Тане показалось, она сама упадет сейчас под этот мерный говор на пол, и непонятно, что станет делать. В крике забьется, может.
Все, что было ее прошлым, вдруг прорвалось в настоящее, стеснило сердце. Невозможно было с этим жить.
– Кто за ней ухаживает, баба Гаша? – не отрывая взгляда от лица матери, спросила Таня.
– Я, больше некому. Да какой уход? Не ест, не пьет, никакого и ухода не надо. Не жилица она, Таня, – повторила баба Гаша. – Вот-вот помрет. Ты приехала, и слава богу. Я ведь брату Надькиному на Дальний Восток позвонила, телефон у нее записан был. Мать ее, бабка твоя, живая еще, знаешь? При нем живет, при сыне своем, значит. Как уехала тридцать лет назад, так и живет. А дед твой помер. Это он мне сказал, Надькин брат, дядька твой, как его, забыла имя. Не приедем, сказал, дорого. Да и чего им ехать? Они и не помнят уже, есть ли она, нет ли. Как рассорились когда-то, так и нету меж ними мира, уж такие люди, ничего не поделаешь, и мать твоя такая была, сама знаешь…
Если бы Таня могла, то заткнула бы уши, чтобы не слышать ни слова. Но не могла она этого сделать, и слова вливались ей в мозг, как расплавленный свинец в горло казнимому.

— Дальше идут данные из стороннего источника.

(* Two applications of Cauchy-Binet expand jac_det as a multilinear polynomial. *)
Lemma jac_det_expand kappa lambda : jac_det kappa lambda =
  \sum_(gf : minor_index | incr_index gf)
     minor_prod gf.2 gf.1 * (\prod_i kappa (gf.1 i) 0) * (\prod_i lambda (gf.2 i) 0).
Proof.
rewrite -(pair_big (@incrb s r) (@incrb s n) (fun g f =>
  minor_prod f g * (\prod_i kappa (g i) 0) * (\prod_i lambda (f i) 0))) /=.
rewrite /jac_det -mulmxA cauchy_binet; apply: eq_bigr => g _.
rewrite colsub_mul_diagw det_mul_diagw -mul_rowsub_mx cauchy_binet big_distrr /=.
apply: eq_bigr => f _.
rewrite -mul_rowsub_mx colsub_mul_diagw det_mul_diagw /minor_prod !mxsub_mul det_mulmx.
have -> : colsub f (rowsub g B) = mxsub g f B by apply/matrixP => i j; rewrite !mxE.
have -> : \prod_i rowsub g kappa i 0 = \prod_i kappa (g i) 0.
  by apply: eq_bigr => i _; rewrite mxE.
have -> : \prod_i rowsub f lambda i 0 = \prod_i lambda (f i) 0.
  by apply: eq_bigr => i _; rewrite mxE.
set a := \det (colsub g A'); set c := \det (rowsub f C); set b := \det (mxsub g f B).
set K := \prod_(i < s) _; set L := \prod_(i < s) _.
ring.
Qed.

End JacobianDeterminant.

Lemma mx_eq0_on_vectors (a b : nat) (N : 'M[R]_(a, b)) :
  (forall v : 'cV[R]_b, N *m v = 0) -> N = 0.
Proof.
move=> Nv0; apply/matrixP => i j.
have := congr1 (fun M : 'M[R]_(a, 1) => M i ord0) (Nv0 (delta_mx j ord0)).
by rewrite -colE !mxE.
Qed.

(* With Z D = 1 and Z C = 0: [Z; M] [D C] = [1 0; M D, M C]. *)
Lemma det_col_mx_mul_row_mx (p s n : nat) (e : (p + s)%N = n) (Z : 'M[R]_(p, n))
    (M : 'M[R]_(s, n)) (D : 'M[R]_(n, p)) (C : 'M[R]_(n, s)) :
  Z *m D = 1%:M -> Z *m C = 0 ->
  \det (castmx (e, erefl n) (col_mx Z M)) * \det (castmx (erefl n, e) (row_mx D C))
  = \det (M *m C).
Proof.
move=> ZD ZC; case: n / e Z M D C ZD ZC => Z M D C ZD ZC.
by rewrite !castmx_id -det_mulmx mul_col_row ZD ZC det_lblock det1 mul1r.
Qed.

Lemma det_row_mx_neq0 (p s n : nat) (e : (p + s)%N = n) (Z : 'M[R]_(p, n))
    (D : 'M[R]_(n, p)) (C : 'M[R]_(n, s)) :
  Z *m D = 1%:M -> Z *m C = 0 -> (forall u : 'cV[R]_s, C *m u = 0 -> u = 0) ->
  \det (castmx (erefl n, e) (row_mx D C)) != 0.
Proof.
move=> ZD ZC C_inj; case: n / e Z D C ZD ZC C_inj => Z D C ZD ZC C_inj.
rewrite castmx_id -det_tr; apply/negP => /det0P [v vn0].
move/(congr1 trmx); rewrite trmx_mul trmxK trmx0 -[v^T]vsubmxK mul_row_col => vDC0.
have vu0 : usubmx v^T = 0.
  have := congr1 (mulmx Z) vDC0.
  by rewrite mulmxDr !mulmxA ZD ZC mul0mx addr0 mul1mx mulmx0.
move: vDC0; rewrite vu0 mulmx0 add0r => /C_inj vd0.
by move: vn0; rewrite -[v]trmxK -[v^T]vsubmxK vu0 vd0 col_mx0 trmx0 eqxx.
Qed.
Lemma shot_budget_sqr_Lambda (C chi L K : R) : 0 < chi -> 0 <= C * L ->
  C * (Lambda x ^+ 3 / (chi ^+ 2 * gamma_max x)) * L <= K ->
  C * L * Lambda x ^+ 2 <= chi ^+ 2 * K.
Proof.
move=> chi_gt0 CL_ge0 budget.
rewrite -ler_pdivrMl ?exprn_gt0 // (le_trans _ budget) //.
rewrite [leRHS](_ : _ = chi ^- 2 * (C * L * (Lambda x ^+ 3 / gamma_max x))).
  by rewrite ler_wpM2l ?ler_wpM2l ?invr_ge0 ?exprn_ge0 ?sqr_Lambda_le // ltW.
by rewrite invfM; ring.
Qed.

Lemma shots_ge (Nk : nat) j :
  Nk%:R * `|lagr0 x j| / Lambda x <= (shots x Nk j)%:R.
Proof.
have ratio_ge0 : 0 <= Nk%:R * `|lagr0 x j| / Lambda x.
  by rewrite divr_ge0 ?mulr_ge0 ?Lambda_ge0.
rewrite /shots natr_absz [`|Num.ceil _|]ger0_norm; first exact: ceil_ge.
by rewrite ceil_ge0 (lt_le_trans _ ratio_ge0) ?ltrN10.
Qed.

Lemma lagr0_eq0_of_shots_eq0 (Nk : nat) j :
  (0 < Nk)%N -> shots x Nk j = 0%N -> lagr0 x j = 0.
Proof.
move=> Nk_gt0 shots_eq0; apply/normr0_eq0/eqP; rewrite eq_le normr_ge0 andbT.
have [Lambda_gt0 | Lambda_le0] := ltrP 0 (Lambda x).
  have := shots_ge Nk j; rewrite shots_eq0 ler_pdivrMr // mul0r.
  by rewrite pmulr_rle0 // ltr0n.
exact: le_trans (abs_lagr0_le_Lambda j) Lambda_le0.
Qed.

(* The convention [y / 0 = 0] makes the left side vanish when no shot is spent on [j]. *)
Lemma shots_ratio_le (Nk : nat) j :
  (0 < Nk)%N -> `|lagr0 x j| / (shots x Nk j)%:R <= Lambda x / Nk%:R.
Proof.
move=> Nk_gt0; have [->|Nj_neq0] := eqVneq (shots x Nk j) 0%N.
  by rewrite invr0 mulr0 divr_ge0 ?Lambda_ge0.
have [Lambda_gt0 | Lambda_le0] := ltrP 0 (Lambda x); last first.
  have abs_lagr0_eq0 : `|lagr0 x j| = 0.
    apply/eqP; rewrite eq_le normr_ge0 andbT.
    exact: le_trans (abs_lagr0_le_Lambda j) Lambda_le0.
  by rewrite abs_lagr0_eq0 mul0r divr_ge0 ?Lambda_ge0.
have := shots_ge Nk j.
rewrite ler_pdivrMr // ler_pdivrMr ?ltr0n ?lt0n // mulrAC ler_pdivlMr ?ltr0n //.
by rewrite mulrC [_ * Lambda x]mulrC.
Qed.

– Надо ее помыть, – сказала она. – Есть вода или принести?
– Есть, есть, – сказала баба Гаша. – Теплая тоже есть. С вечера запасаю, грею. – И с недоверием спросила: – Правда мыть станешь?
Таня не ответила – сняла плащ, положила на свой топчан, вернулась к тому, на котором лежала мать, откинула одеяло… И тут что-то хлюпнуло у матери в груди, рот закрылся, потом открылся снова…
Воздух судорожно вырывался у нее из горла. Таня присела на корточки у топчана, взяла мать за руку. Холодная рука стала мокрой прямо у нее в руке.
– Отходит, – проговорила баба Гаша. – Помоги, Господи, поскорее ей, грешной, преставиться.
– Перестаньте! – воскликнула Таня. – Зачем вы… так?!
Теснота в сердце стала совсем невыносимой – и вдруг лопнула, взорвалась… И слезы, горячие, жгучие, хлынули из этой тесноты сплошным потоком.
– Всё, – сказала баба Гаша. – Прибрал Господь.
– А это что в лесу такое белое, Иван Николаевич? Вон те кусты, и вон там тоже.